Student | Read Accession | Total # Reads | Location |
---|---|---|---|
Jamie Alumbaugh | SRR6922148 | 1281077 | Oglethorpe Co, GA |
Cassidy Catrett | SRR6922294 | 1405770 | Oglethorpe Co, GA |
Jenna Demeter | SRR6922306 | 1541579 | Oglethorpe Co, GA |
Presley Dowker | SRR6922308 | 2987905 | Oglethorpe Co, GA |
Nick Gill | SRR6922451 | 1731620 | Oglethorpe Co, GA |
Axel Gonzalez Murillo | SRR6922454 | 2897067 | Oglethorpe Co, GA |
Rebecca Butler | SRR6922449 | 3649330 | Oglethorpe Co, GA |
Eunice Omondi | SRR6922311 | 258861 | Oglethorpe Co, GA |
Madison Henniger | SRR6922354 | 1344896 | Pascagoula, MS |
Katelin Hubbard | SRR6922399 | 1091567 | Pascagoula, MS |
Harleen Kaur | SRR6922194 | 1100979 | Alejandra, Argentina |
Peitong Li | SRR6922233 | 1216598 | Alejandra, Argentina |
Leif Majeres | SRR6922241 | 1148981 | Alejandra, Argentina |
Dillon McCallum | SRR6922315 | 1017635 | Alejandra, Argentina |
Ruwaa Mohamed | SRR6922318 | 1592618 | Alejandra, Argentina |
Shade Niece | SRR6922319 | 2199106 | Alejandra, Argentina |
Beatrice Caiado | SRR6922321 | 1696637 | Alejandra, Argentina |
Rachel Robrecht | SRR6922446 | 991054 | Alejandra, Argentina |
Raj Roy | SRR6922447 | 1957684 | Alejandra, Argentina |
Rebecca Smith | SRR6922448 | 1053520 | Alejandra, Argentina |
Jennifer Chandler | SRR6922316 | 913465 | Alejandra, Argentina |
Garrett Franklin | SRR6922314 | 533098 | Alejandra, Argentina |
Triston Walsh | SRR6922320 | 683277 | Alejandra, Argentina |
Zane Smith | SRR6922276 | 1111463 | El Recreo, Argentina |
Peter Tandy | SRR6922278 | 1223105 | El Recreo, Argentina |
Bryce Trull | SRR6922291 | 1154914 | El Recreo, Argentina |
Jackson Turner | SRR6922309 | 1771519 | El Recreo, Argentina |
Instructor | SRR6922470 | 1548618 | El Recreo, Argentina |
Go to the analysis directory within the EPP 622 course directory:
/pickett_shared/teaching/EPP622_Fall2022/analysis
...and make a personal analysis folder. For example:
mkdir <your user id goes here>
cd <your user id goes here>
Now, let's make a directory where we will run`fastqc:
mkdir 1_fastqc
cd 1_fastqc
We can create a soft link (symbolic link) to the raw data
ln -s ../../../raw_data/solenopsis_invicta/<your subset>.fastq .
Let's load fastqc:
spack load fastqc
Let's run the program now. Since, we all are sharing the same computing resource, we will run fastqc
on just one forward read fastq file -
fastqc <your subset>
This program outputs results in`.zip and .html formats. We can't inspect them on sphinx, so we'll need to copy them to our own devices.

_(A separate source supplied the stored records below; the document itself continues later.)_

(* Let $p_1,\ldots,p_m\in\mathbb Z_{>0}$ and $p=\operatorname{lcm}(p_1,\ldots,p_m)$. Let $\Omega_1,\ldots,\Omega_m$ be words in polynomial letters, $e_1,\ldots,e_m\in\mathbb Z_{\ge0}$, $z\in\mathbb C$, $t\in\mathbb Z_{\ge0}$, $P_1,\ldots,P_t\in\mathbb C[x]$ and $q_1,\ldots,q_t\in\mathbb C$ ($t=0$ allowed). Assume that all polynomial factors appearing are nonzero at the positive integers at which they are evaluated, after all scale changes (each polynomial $Q$ occurring in a letter of $\Omega_j$ satisfies $Q(m/(p/p_j))\ne0$ and each $P_\nu$ satisfies $P_\nu(m/p)\neq0$, for positive integers $m\le pk$), and fix compatible branches of the powers. Then for every positive integer $k$, \[ S(k)=\sum_{n=1}^{k}z^n\prod_{\nu=1}^{t}P_\nu(n)^{q_\nu}\prod_{j=1}^{m}\mathcal P_{\Omega_j}(p_jn)^{e_j}\in\operatorname{span}_{\mathbb C}\{\mathcal P_\Theta(pk)\}_\Theta, \] where $\Theta$ ranges over words in polynomial letters.
   Context: A polynomial letter is a triple $L=(\boldsymbol\rho,\sigma,\mathbf P)$ with $\boldsymbol\rho=(\rho_1,\ldots,\rho_t)\in\mathbb C^t$, $\sigma\in\mathbb C$, $\mathbf P=(P_1,\ldots,P_t)$, $P_\nu\in\mathbb C[x]$; its value at a positive integer $n$ is $L(n)=\sigma^n\prod_{\nu=1}^tP_\nu(n)^{-\rho_\nu}$ (branches fixed). For a word $\Omega=(L_1,\ldots,L_d)$ of polynomial letters, $\mathcal P_\Omega(N)=\sum_{N\ge n_1>\cdots>n_d\ge1}\prod_{j=1}^dL_j(n_j)$ and $\mathcal P_\emptyset(N)=1$. *)

From HB Require Import structures.
From mathcomp Require Import all_boot all_order all_algebra.
From mathcomp Require Import reals sequences exp trigo.
From mathcomp Require Import complex.
From Stdlib Require List.
Set Implicit Arguments. Unset Strict Implicit. Unset Printing Implicit Defensive.
Import Order.TTheory GRing.Theory Num.Theory.
Local Open Scope ring_scope.

Section PolyLetters.
Variable R : realType.
Local Notation C := (R[i]).

Definition expC (w : C) : C :=
  let: Complex a b := w in Complex (expR a * cos b) (expR a * sin b).

(* A fixed branch of the complex power:  w ^ a := exp (a * lg w), where
   lg is a fixed branch of the logarithm (hypothesis: expC (lg w) = w for w != 0). *)
Definition cpow (lg : C -> C) (w a : C) : C := expC (a * lg w).

(* A polynomial letter L = (rho, sigma, P): lsig = sigma, lfac = [(rho_1,P_1);...;(rho_t,P_t)] *)
Record letter := Letter { lsig : C; lfac : seq (C * {poly C}) }.

Definition letter_val (lg : C -> C) (L : letter) (n : nat) : C :=
  lsig L ^+ n * \prod_(f <- lfac L) cpow lg (f.2).[n%:R] (- f.1).

Definition word := seq letter.

(* P_Omega(N) = sum_{N >= n_1 > ... > n_d >= 1} prod_j L_j(n_j),  P_[::](N) = 1,
   written recursively on the first letter. *)
Fixpoint Pword (lg : C -> C) (w : word) (N : nat) : C :=
  match w with
  | [::] => 1
  | L :: w' => \sum_(1 <= n < N.+1) letter_val lg L n * Pword lg w' n.-1
  end.

End PolyLetters.

(* The span of the sequences N |-> P_Theta(N) contains the constants and is
   closed under products, by the quasi-shuffle relation, and under
   N |-> sum_{n <= N} L(n) f(n) for every letter L.  It also contains
   N |-> P_Omega(N %/ d), because the filtered letter [d | n] L(n/d) is a
   combination of letters: [d | n] = d^-1 sum_{r < d} zeta^(r n) for a primitive
   d-th root of unity zeta, sigma^(n/d) = w^n for w^d = sigma, and P(n/d) is the
   value at n of P(X/d).  Finally S(k) is a sum over n <= p k of [p | n] times a
   letter at n/p times a product of the P_(Omega_j)(n %/ (p/p_j)). *)
From HB Require Import structures.
From mathcomp Require Import all_boot all_order all_algebra.
From mathcomp Require Import reals sequences exp trigo.
From mathcomp Require Import complex.
From mathcomp Require Import cyclic separable cyclotomic.
From mathcomp Require Import ring.
From Stdlib Require List.
Import Order.TTheory GRing.Theory Num.Theory.
Set Implicit Arguments. Unset Strict Implicit. Unset Printing Implicit Defensive.
Local Open Scope ring_scope.

Lemma closed_field_prim_root (F : closedFieldType) n :
  n%:R != 0 :> F -> exists z : F, n.-primitive_root z.
Proof.
move=> nz_n; have n_gt0 : (0 < n)%N by case: n nz_n; rewrite ?eqxx.
have [r Dp] := closed_field_poly_normal ('X^n - 1 : {poly F}).
rewrite (monicP _) ?monicXnsubC // scale1r in Dp.
have r_roots : all n.-unity_root r.
  by apply/allP=> z; rewrite -root_prod_XsubC -Dp.
have size_r : (n < (size r).+1)%N by rewrite -(size_prod_XsubC r id) -Dp size_XnsubC.
have [|z] := hasP (has_prim_root n_gt0 r_roots _ size_r); last by exists z.
by rewrite -separable_prod_XsubC -Dp separable_Xn_sub_1.
Qed.

Lemma sumr_prim_root_exp (F : idomainType) d (zeta : F) n :
  d.-primitive_root zeta ->
  \sum_(0 <= r < d) (zeta ^+ n) ^+ r = if (d %| n)%N then d%:R else 0.
Proof.
move=> zeta_prim; rewrite (prim_order_dvd zeta_prim n).
have [-> | ne1] := eqVneq (zeta ^+ n) 1.
  by under eq_bigr do rewrite expr1n; rewrite sumr_const_nat subn0.
have : (zeta ^+ n - 1) * \sum_(0 <= r < d) (zeta ^+ n) ^+ r = 0.
  by rewrite big_mkord -subrX1 -exprM mulnC exprM (prim_expr_order zeta_prim) expr1n subrr.
by move/eqP; rewrite mulf_eq0 subr_eq0 (negPf ne1) => /eqP.
Qed.

Lemma sumr_nat_dvd (V : nmodType) d M (G : nat -> V) : (0 < d)%N ->
  \sum_(1 <= i < (M %/ d).+1) G i =
  \sum_(1 <= n < M.+1) (if (d %| n)%N then G (n %/ d)%N else 0).
Proof.
move=> d_gt0; elim: M => [|M IH]; first by rewrite div0n !big_geq.
rewrite (big_nat_recr M.+1) // -IH divnS //.
by case: (d %| M.+1)%N; rewrite /= ?add1n ?add0n ?addr0 // big_nat_recr.
Qed.

Section WordSpan.
Variables (R : realType) (lg : R[i] -> R[i]).
Local Notation C := R[i].

Definition word_span (f : nat -> C) := exists cs : seq (C * word R),
  forall N, f N = \sum_(c <- cs) c.1 * Pword lg c.2 N.

Definition letter_span (f : nat -> C) := exists ls : seq (C * letter R),
  forall n, f n = \sum_(l <- ls) l.1 * letter_val lg l.2 n.

Lemma word_span_eq f g : word_span f -> f =1 g -> word_span g.
Proof. by move=> [cs Hf] fg; exists cs => N; rewrite -fg. Qed.

Lemma word_span_cst c : word_span (fun=> c).
Proof. by exists [:: (c, [::])] => N; rewrite big_seq1 mulr1. Qed.

Lemma word_span_Pword w : word_span (Pword lg w).
Proof. by exists [:: (1, w)] => N; rewrite big_seq1 mul1r. Qed.

Lemma word_spanD f g : word_span f -> word_span g -> word_span (fun N => f N + g N).
Proof. by move=> [cf Hf] [cg Hg]; exists (cf ++ cg) => N; rewrite big_cat Hf Hg. Qed.

Lemma word_spanZ a f : word_span f -> word_span (fun N => a * f N).
Proof.
move=> [cs Hf]; exists [seq (a * c.1, c.2) | c <- cs] => N.
by rewrite big_map Hf mulr_sumr; apply: eq_bigr => c _; rewrite mulrA.
Qed.

Lemma word_span_sum (I : Type) (s : seq I) (F : I -> nat -> C) :
  (forall i, word_span (F i)) -> word_span (fun N => \sum_(i <- s) F i N).
Proof.
move=> FP; elim: s => [|i s IH].
  by apply: word_span_eq (word_span_cst 0) _ => N; rewrite big_nil.
by apply: word_span_eq (word_spanD (FP i) IH) _ => N; rewrite big_cons.
Qed.

Lemma letter_span_letter L : letter_span (letter_val lg L).
Proof. by exists [:: (1, L)] => n; rewrite big_seq1 mul1r. Qed.

Definition letter_mul (a b : letter R) := Letter (lsig a * lsig b) (lfac a ++ lfac b).

Lemma letter_valM a b n :
  letter_val lg (letter_mul a b) n = letter_val lg a n * letter_val lg b n.
Proof. by rewrite /letter_val /= exprMn big_cat mulrACA. Qed.

Lemma letter_spanMr f b : letter_span f -> letter_span (fun n => f n * letter_val lg b n).
Proof.
move=> [ls Hf]; exists [seq (l.1, letter_mul l.2 b) | l <- ls] => n.
by rewrite big_map Hf mulr_suml; apply: eq_bigr => l _; rewrite letter_valM mulrA.
Qed.

Lemma Pword_cons0 L w : Pword lg (L :: w) 0 = 0.
Proof. by rewrite /= big_geq. Qed.

Lemma Pword_consS L w N :
  Pword lg (L :: w) N.+1 = Pword lg (L :: w) N + letter_val lg L N.+1 * Pword lg w N.
Proof. by rewrite [LHS]/= big_nat_recr. Qed.

Lemma word_span_sum_letter_pred f g : letter_span f -> word_span g ->
  word_span (fun N => \sum_(1 <= n < N.+1) f n * g n.-1).
Proof.
move=> [ls Hf] [cs Hg].
exists [seq (l.1 * c.1, l.2 :: c.2) | l <- ls, c <- cs] => N.
rewrite big_allpairs_dep.
transitivity (\sum_(1 <= n < N.+1) \sum_(l <- ls) \sum_(c <- cs)
    l.1 * c.1 * (letter_val lg l.2 n * Pword lg c.2 n.-1)).
  apply: eq_bigr => n _; rewrite Hf Hg mulr_suml; apply: eq_bigr => l _.
  by rewrite mulr_sumr; apply: eq_bigr => c _; rewrite mulrACA.
rewrite exchange_big; apply: eq_bigr => l _; rewrite exchange_big.
by apply: eq_bigr => c _; rewrite mulr_sumr.
Qed.

Lemma word_span_sum_letter f g : letter_span f -> word_span g ->
  word_span (fun N => \sum_(1 <= n < N.+1) f n * g n).
Proof.
move=> fP [cs Hg].
have sum_Pword w : word_span (fun N => \sum_(1 <= n < N.+1) f n * Pword lg w n).
  case: w => [|b w]; first exact: word_span_sum_letter_pred fP (word_span_cst 1).
  apply: word_span_eq (word_spanD (word_span_sum_letter_pred fP (word_span_Pword (b :: w)))
    (word_span_sum_letter_pred (letter_spanMr b fP) (word_span_Pword w))) _ => N.
  rewrite -big_split; apply: eq_big_nat => -[|n] // _.
  by rewrite Pword_consS mulrDr mulrA.
apply: word_span_eq (word_span_sum cs (fun c => word_spanZ c.1 (sum_Pword c.2))) _ => N.
under [RHS]eq_bigr do rewrite Hg mulr_sumr.
rewrite [RHS]exchange_big; apply: eq_bigr => c _.
by rewrite mulr_sumr; apply: eq_bigr => n _; rewrite mulrCA.
Qed.

Lemma Pword_cons_mul a u b v N :
  Pword lg (a :: u) N * Pword lg (b :: v) N =
  \sum_(1 <= n < N.+1) (letter_val lg a n * (Pword lg u n.-1 * Pword lg (b :: v) n.-1)
    + letter_val lg b n * (Pword lg (a :: u) n.-1 * Pword lg v n.-1)
    + letter_val lg (letter_mul a b) n * (Pword lg u n.-1 * Pword lg v n.-1)).
Proof.
elim: N => [|N IHN]; first by rewrite !Pword_cons0 mul0r big_geq.
rewrite !Pword_consS (big_nat_recr N.+1) // -IHN letter_valM /=.
change N.+1.-1 with N; ring.
Qed.

Lemma word_span_Pword_mul u v : word_span (fun N => Pword lg u N * Pword lg v N).
Proof.
elim: u v => [|a u IHu] v.
  by apply: word_span_eq (word_span_Pword v) _ => N; rewrite mul1r.
elim: v => [|b v IHv].
  by apply: word_span_eq (word_span_Pword (a :: u)) _ => N; rewrite mulr1.
have split3 := word_spanD (word_spanD
  (word_span_sum_letter_pred (letter_span_letter a) (IHu (b :: v)))
  (word_span_sum_letter_pred (letter_span_letter b) IHv))
  (word_span_sum_letter_pred (letter_span_letter (letter_mul a b)) (IHu v)).
by apply: word_span_eq split3 _ => N; rewrite Pword_cons_mul -!big_split.
Qed.

Lemma word_spanM f g : word_span f -> word_span g -> word_span (fun N => f N * g N).
Proof.
move=> [cf Hf] [cg Hg].
apply: word_span_eq (word_span_sum cf (fun x => word_span_sum cg (fun y =>
  word_spanZ (x.1 * y.1) (word_span_Pword_mul x.2 y.2)))) _ => N.
rewrite Hf Hg mulr_suml; apply: eq_bigr => x _; rewrite mulr_sumr.
by apply: eq_bigr => y _; rewrite mulrACA.
Qed.

Lemma word_span_prod (I : Type) (s : seq I) (F : I -> nat -> C) :
  (forall i, word_span (F i)) -> word_span (fun N => \prod_(i <- s) F i N).
Proof.
move=> FP; elim: s => [|i s IH].
  by apply: word_span_eq (word_span_cst 1) _ => N; rewrite big_nil.
by apply: word_span_eq (word_spanM (FP i) IH) _ => N; rewrite big_cons.
Qed.

Lemma word_spanX f e : word_span f -> word_span (fun N => f N ^+ e).
Proof.
move=> fP; elim: e => [|e IH].
  by apply: word_span_eq (word_span_cst 1) _ => N; rewrite expr0.
by apply: word_span_eq (word_spanM fP IH) _ => N; rewrite exprS.
Qed.

Definition dilate_fac d (fs : seq (C * {poly C})) :=
  [seq (f.1, f.2 \Po ('X * (d%:R^-1)%:P)) | f <- fs].

Lemma prod_cpow_dilate d fs n : (0 < d)%N -> (d %| n)%N ->
  \prod_(f <- dilate_fac d fs) cpow lg f.2.[n%:R] (- f.1) =
  \prod_(f <- fs) cpow lg f.2.[(n %/ d)%:R] (- f.1).
Proof.
move=> d_gt0 dvd_dn; rewrite big_map; apply: eq_bigr => f _ /=.
have nz_d : d%:R != 0 :> C by rewrite pnatr_eq0 -lt0n.
by rewrite horner_comp !hornerE -{1}(divnK dvd_dn) natrM mulfK.
Qed.

Lemma letter_span_dvd d L : (0 < d)%N ->
  letter_span (fun n => if (d %| n)%N then letter_val lg L (n %/ d) else 0).
Proof.
move=> d_gt0; have nz_d : d%:R != 0 :> C by rewrite pnatr_eq0 -lt0n.
have [zeta zeta_prim] := closed_field_prim_root nz_d.
pose w := d.-root (lsig L); have w_root : w ^+ d = lsig L := rootCK d_gt0 _.
exists [seq (d%:R^-1, Letter (zeta ^+ r * w) (dilate_fac d (lfac L))) | r <- index_iota 0 d].
move=> n; rewrite big_map.
transitivity (d%:R^-1 * (\sum_(0 <= r < d) (zeta ^+ n) ^+ r) *
    (w ^+ n * \prod_(f <- dilate_fac d (lfac L)) cpow lg f.2.[n%:R] (- f.1))); last first.
  rewrite mulr_sumr mulr_suml; apply: eq_bigr => r _.
  by rewrite /letter_val /= exprMn -!exprM mulnC !mulrA.
rewrite sumr_prim_root_exp //; case: ifP => [dvd_dn|_]; last by rewrite mulr0 mul0r.
rewrite mulVf // mul1r prod_cpow_dilate //.
by rewrite -[in w ^+ n](divnK dvd_dn) mulnC exprM w_root.
Qed.

Lemma word_span_Pword_divn d w : (0 < d)%N -> word_span (fun N => Pword lg w (N %/ d)).
Proof.
move=> d_gt0; elim: w => [|L w IH]; first exact: word_span_cst.
apply: word_span_eq (word_span_sum_letter_pred (letter_span_dvd L d_gt0) IH) _ => N.
rewrite [RHS]/= (sumr_nat_dvd _ _ d_gt0); apply: eq_bigr => n _.
case: ifP => [dvd_dn|_]; last by rewrite mul0r.
by rewrite divn_pred dvd_dn subn1.
Qed.

End WordSpan.

Theorem theorem6p3 (R : realType) (lg : R[i] -> R[i])
  (hlg : forall w : R[i], w != 0 -> expC (lg w) = w)
  (m : nat) (hm : (0 < m)%N)
  (ps : 'I_m -> nat) (hps : forall j, (0 < ps j)%N)
  (Om : 'I_m -> word R) (es : 'I_m -> nat)
  (z : R[i]) (PQ : seq (R[i] * {poly R[i]}))
  (* PQ = [:: (q_1, P_1); ...; (q_t, P_t)] *)
  (p : nat) (hp : p = \big[lcmn/1%N]_(j < m) ps j)
  (hOm : forall (j : 'I_m) (L : letter R) (f : R[i] * {poly R[i]}),
      List.In L (Om j) -> List.In f (lfac L) ->
      forall n : nat, (0 < n)%N -> (f.2).[n%:R / (p %/ ps j)%:R] != 0)
  (hPQ : forall f, f \in PQ ->
      forall n : nat, (0 < n)%N -> (f.2).[n%:R / p%:R] != 0) :
  exists cs : seq (R[i] * word R),
    forall k : nat, (0 < k)%N ->
      \sum_(1 <= n < k.+1)
          z ^+ n * \prod_(f <- PQ) cpow lg (f.2).[n%:R] f.1
            * \prod_(j < m) Pword lg (Om j) (ps j * n) ^+ es j
      = \sum_(c <- cs) c.1 * Pword lg c.2 (p * k).
Proof.
(* The identity holds for every branch [lg]: P(n/d) is evaluated literally as
   the value at n of P(X/d). *)
have p_gt0 : (0 < p)%N.
  by rewrite hp; elim/big_ind: _ => // x y; rewrite lcmn_gt0 => -> ->.
have dvd_p j : (ps j %| p)%N by rewrite hp; apply: biglcmn_sup.
have dilation_gt0 j : (0 < p %/ ps j)%N by rewrite divn_gt0 ?hps // dvdn_leq.
have Pwords_span : word_span lg (fun N =>
    \prod_(j < m) Pword lg (Om j) (N %/ (p %/ ps j)) ^+ es j).
  by apply: word_span_prod => j; apply/word_spanX/word_span_Pword_divn.
have [cs Hcs] := word_span_sum_letter
  (letter_span_dvd lg (Letter z [seq (- f.1, f.2) | f <- PQ]) p_gt0) Pwords_span.
exists cs => k _; rewrite -Hcs -{1}(mulKn k p_gt0) sumr_nat_dvd //.
apply: eq_bigr => n _; case: ifP => [dvd_pn|_]; last by rewrite mul0r.
rewrite /letter_val big_map; under [in RHS]eq_bigr do rewrite opprK.
congr (_ * _); apply: eq_bigr => j _.
by rewrite divnA // [in RHS]mulnC -muln_divA.
Qed.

scp '<your_username>@sphinx.ag.utk.edu:/pickett_shared/teaching/EPP622_Fall2022/analysis/<your_username>/1_fastqc/*html' ./
Skewer is a fast and accurate adapter trimmer for next-generation sequencing paired-end reads. It has several features such as detecting and removing adapter sequences, trimming sequences based on phred quality scores etc. Now, go to your personal analyses directory and make a new directory -
cd /pickett_shared/teaching/EPP622_Fall2022/analysis/<your name>
mkdir 2_skewer
cd 2_skewer
Soft link the raw data files here, too (the space is free!)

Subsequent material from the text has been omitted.